- _The problem_
Of the lines below, report only those that contain "apply".

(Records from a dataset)
(* Let $F$ be a field of characteristic different from $2$ and $3$, let $A$ be the free associative $F$-algebra without unity on free generators $x,y$, let $I$ be the two-sided ideal of $A$ generated by the following elements: (i) all monomials of degree $8$; (ii) all monomials of degree greater than $2$ in $x$; (iii) all monic monomials of degree $7$ except $yxy^3xy$ and $y^2xyxy^2$; (iv) all monic monomials of degree less than $7$ which do not divide either of the monomials $yxy^3xy$ and $y^2xyxy^2$; (v) the polynomial $2xy^3xy-5yxyxy^2-2yxy^3x+5y^2xyxy$; (vi) the polynomial $2yxy^3xy-5y^2xyxy^2$; and let $B=A/I$. Then the Lie algebra $[B]$ is $5$-Engel, but the adjoint group $B^\circ$ is not a $5$-Engel group.
   Context: For monic monomials $m,n$ in $x,y$, $m$ divides $n$ if $n=m_1 m m_2$ for some monic monomials $m_1,m_2$ (possibly empty, i.e. equal to $1$). For an associative algebra $B$ (possibly without unity), $[B]$ denotes the Lie algebra with bracket $[a,b]=ab-ba$. The adjoint multiplication on $B$ is $u\circ v=u+v+uv$; $(B,\circ)$ is a monoid with identity $0$, and its group of units is the adjoint group $B^\circ$ (here $B^8=0$, so $B^\circ=B$). Set $[x,{}_{(1)}y]=[x,y]$, $[x,{}_{(k+1)}y]=[[x,{}_{(k)}y],y]$; a Lie algebra $L$ is $n$-Engel if $[u,{}_{(n)}v]=0$ for all $u,v\in L$. For a group, $(x,y)=x^{-1}y^{-1}xy$, $(x,{}_{(k+1)}y)=((x,{}_{(k)}y),y)$; a group $G$ is $n$-Engel if $(u,{}_{(n)}v)=1$ for all $u,v\in G$. *)

From HB Require Import structures.
From mathcomp Require Import all_boot all_order all_algebra.
Set Implicit Arguments.
Unset Strict Implicit.
Unset Printing Implicit Defensive.
Import GRing.Theory.
Local Open Scope ring_scope.

(* Words in the free monoid on {x, y}: x is encoded by [false], y by [true].
   Monic monomials of the free non-unital algebra = nonempty words. *)
Notation word := (seq bool).
Definition lx : bool := false.
Definition ly : bool := true.

Section FreeAlg.
Variable F : fieldType.

Definition ncs := word -> F.

Definition ncs_add (p q : ncs) : ncs := fun w => p w + q w.
Definition ncs_opp (p : ncs) : ncs := fun w => - p w.
Definition ncs_scale (a : F) (p : ncs) : ncs := fun w => a * p w.
Definition ncs_zero : ncs := fun _ => 0.
Definition ncs_mul (p q : ncs) : ncs :=
  fun w => \sum_(i < (size w).+1) p (take i w) * q (drop i w).
Definition ncs_sub (p q : ncs) : ncs := ncs_add p (ncs_opp q).

Definition mono (m : word) : ncs := fun w => (w == m)%:R.

(* Elements of the free associative algebra WITHOUT unity A = F<x,y>_+ :
   finitely supported (equivalently, bounded degree) with zero constant term. *)
Definition in_A (p : ncs) : Prop :=
  p [::] = 0 /\ exists n : nat, forall w : word, (n <= size w)%N -> p w = 0.

Inductive in_ideal (S : ncs -> Prop) : ncs -> Prop :=
  | ideal_gen s : S s -> in_ideal S s
  | ideal_zero : in_ideal S ncs_zero
  | ideal_add p q : in_ideal S p -> in_ideal S q -> in_ideal S (ncs_add p q)
  | ideal_scale a p : in_ideal S p -> in_ideal S (ncs_scale a p)
  | ideal_mull a p : in_A a -> in_ideal S p -> in_ideal S (ncs_mul a p)
  | ideal_mulr p a : in_A a -> in_ideal S p -> in_ideal S (ncs_mul p a).

Definition mdivides (m n : word) : Prop := exists m1 m2, n = m1 ++ m ++ m2.

Definition w1 : word := [:: ly; lx; ly; ly; ly; lx; ly].
Definition w2 : word := [:: ly; ly; lx; ly; lx; ly; ly].

Definition gen_v : ncs :=
  ncs_add (ncs_add (ncs_scale 2 (mono [:: lx; ly; ly; ly; lx; ly]))
                   (ncs_scale (-5) (mono [:: ly; lx; ly; lx; ly; ly])))
          (ncs_add (ncs_scale (-2) (mono [:: ly; lx; ly; ly; ly; lx]))
                   (ncs_scale 5 (mono [:: ly; ly; lx; ly; lx; ly]))).

Definition gen_vi : ncs :=
  ncs_add (ncs_scale 2 (mono w1)) (ncs_scale (-5) (mono w2)).

Definition gensI (s : ncs) : Prop :=
     (exists m : word, size m = 8%N /\ s = mono m)
  \/ (exists m : word, (2 < count (pred1 lx) m)%N /\ s = mono m)
  \/ (exists m : word, size m = 7%N /\ m <> w1 /\ m <> w2 /\ s = mono m)
  \/ (exists m : word, (0 < size m < 7)%N /\ ~ mdivides m w1
                        /\ ~ mdivides m w2 /\ s = mono m)
  \/ s = gen_v
  \/ s = gen_vi.

(* Membership in I, and congruence modulo I (equality in B = A/I). *)
Definition inI (p : ncs) : Prop := in_ideal gensI p.
Definition eqI (p q : ncs) : Prop := inI (ncs_sub p q).

Definition lie (p q : ncs) : ncs := ncs_sub (ncs_mul p q) (ncs_mul q p).
Definition lie_engel (u v : ncs) (n : nat) : ncs := iter n (fun c => lie c v) u.

Definition circ (p q : ncs) : ncs := ncs_add (ncs_add p q) (ncs_mul p q).

(* w represents the inverse of u in the adjoint group of B (identity 0). *)
Definition adj_inv_B (u w : ncs) : Prop :=
  in_A w /\ eqI (circ u w) ncs_zero /\ eqI (circ w u) ncs_zero.

Definition grp_comm_B (u v c : ncs) : Prop :=
  exists u' v', adj_inv_B u u' /\ adj_inv_B v v' /\
    eqI c (circ (circ (circ u' v') u) v).

Definition lie_B_engel (n : nat) : Prop :=
  forall u v : ncs, in_A u -> in_A v -> inI (lie_engel u v n).

Definition adj_group_B_not_engel (n : nat) : Prop :=
  exists (u v : ncs) (c : nat -> ncs),
    in_A u /\ in_A v /\ c 0%N = u /\
    (forall k, (k < n)%N -> in_A (c k.+1) /\ grp_comm_B (c k) v (c k.+1)) /\
    ~ eqI (c n) ncs_zero.

End FreeAlg.

From mathcomp Require Import all_boot all_order all_algebra.
From mathcomp Require Import zify ring.
From Stdlib Require Import FunctionalExtensionality.
Import GRing.Theory.
Set Implicit Arguments.
Unset Strict Implicit.
Unset Printing Implicit Defensive.
Local Open Scope ring_scope.

(* Every monomial of A that is not a nonempty factor of w1 = yxy^3xy or w2 = y^2xyxy^2
   lies in I, so modulo I an element of A is determined by its coefficients on these
   28 words.  [u,_5 v] vanishes on the words of length at most 5, and on the six longer
   ones it agrees with an explicit combination of the relations (v) and (vi); hence [B]
   is 5-Engel.  On the other hand, the linear form λ(p) = 5 p(w1) + 2 p(w2) vanishes on
   a g b for every generator g of I and all (possibly empty) monomials a, b (for (vi)
   because 5·2 + 2·(-5) = 0), hence on I.  Computing in the adjoint group with integer
   coefficients (inverses are truncated geometric series), the commutator (x,_5 y) has
   coefficients 0 at w1 and 6 at w2, so λ takes the value 12 on it, which is nonzero
   when the characteristic is neither 2 nor 3. *)

Fixpoint words_upto (n : nat) : seq word :=
  if n is k.+1 then [::] :: [seq b :: w | b <- [:: lx; ly], w <- words_upto k]
  else [:: [::]].

Lemma cons_inj (b : bool) : injective (cons b). Proof. by move=> ? ? []. Qed.

Lemma mem_words_upto n w : (w \in words_upto n) = (size w <= n)%N.
Proof.
elim: n w => [|n IH] [|b w] //=.
rewrite in_cons /= cats0 mem_cat.
have mem_consb c :
    ((b :: w) \in [seq c :: x | x <- words_upto n]) = (c == b) && (size w <= n)%N.
  case: eqP => [->|ne]; first by rewrite (mem_map (@cons_inj b)) IH.
  by apply/mapP => -[x _ [/esym]].
by rewrite !mem_consb; clear mem_consb; case: b; rewrite /= ?orbF.
Qed.

Lemma uniq_words_upto n : uniq (words_upto n).
Proof.
elim: n => [|n IH] //=; rewrite cats0 cat_uniq !(map_inj_uniq (@cons_inj _)) IH /=.
apply/and3P; split => //.
- by rewrite mem_cat; apply/norP; split; apply/negP => /mapP [x _].
- by apply/hasP => -[x /mapP [y _ ->] /mapP [z _]].
Qed.

Definition factors (W : word) : seq word :=
  [seq drop i (take j W) | i <- iota 0 (size W).+1, j <- iota 0 (size W).+1].

Lemma mem_factors (W l m r : word) : W = l ++ m ++ r -> m \in factors W.
Proof.
move=> defW; have bound k : (k <= size W)%N -> k \in iota 0 (size W).+1.
  by rewrite mem_iota.
apply/allpairsP; exists (size l, (size l + size m)%N); split => /=.
- by apply: bound; rewrite defW !size_cat; lia.
- by apply: bound; rewrite defW !size_cat; lia.
- by rewrite defW catA take_size_cat ?size_cat // drop_size_cat.
Qed.

Definition spanning_words : seq word :=
  [seq w <- undup (factors w1 ++ factors w2) | w != [::]].

Lemma uniq_spanning_words : uniq spanning_words.
Proof. by rewrite filter_uniq // undup_uniq. Qed.

Lemma mem_spanning_words m :
  m != [::] -> mdivides m w1 \/ mdivides m w2 -> m \in spanning_words.
Proof.
move=> m_nil; rewrite mem_filter m_nil mem_undup mem_cat.
by case=> -[l [r /mem_factors ->]]; rewrite ?orbT.
Qed.

Section Series.

Variable F : fieldType.
Implicit Types (p q : ncs F).

Lemma sum_split_indicator (w a b : word) :
  \sum_(i < (size w).+1) (((take i w == a)%:R : F) * (drop i w == b)%:R)
  = (w == a ++ b)%:R.
Proof.
have [->|ne] := eqVneq w (a ++ b); last first.
  rewrite big1 // => i _; have [defa|] := eqVneq (take i w) a; last by rewrite mul0r.
  have [defb|] := eqVneq (drop i w) b; last by rewrite mulr0.
  by move: ne; rewrite -defa -defb cat_take_drop eqxx.
have lt_a : (size a < (size (a ++ b)).+1)%N by rewrite size_cat; lia.
rewrite (bigD1 (Ordinal lt_a)) //= take_size_cat // drop_size_cat // !eqxx mulr1.
rewrite big1 ?addr0 // => -[k lt_k] ne_k /=.
have [defa|] := eqVneq (take k (a ++ b)) a; last by rewrite mul0r.
case/eqP: ne_k; apply/val_inj => /=.
move: lt_k (f_equal size defa); rewrite size_take size_cat.
by case: (ltnP k (size a + size b)) => /= ? ? ?; lia.
Qed.

Lemma mono_cat (a b : word) : mono F (a ++ b) = ncs_mul (mono F a) (mono F b).
Proof. by apply: functional_extensionality => w; rewrite /ncs_mul /mono sum_split_indicator. Qed.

- _Response below_
  by apply/mapP => -[x _ [/esym]].
apply/and3P; split => //.
- by rewrite mem_cat; apply/norP; split; apply/negP => /mapP [x _].
- by apply/hasP => -[x /mapP [y _ ->] /mapP [z _]].
apply/allpairsP; exists (size l, (size l + size m)%N); split => /=.
- by apply: bound; rewrite defW !size_cat; lia.
- by apply: bound; rewrite defW !size_cat; lia.
case/eqP: ne_k; apply/val_inj => /=.
Proof. by apply: functional_extensionality => w; rewrite /ncs_mul /mono sum_split_indicator. Qed.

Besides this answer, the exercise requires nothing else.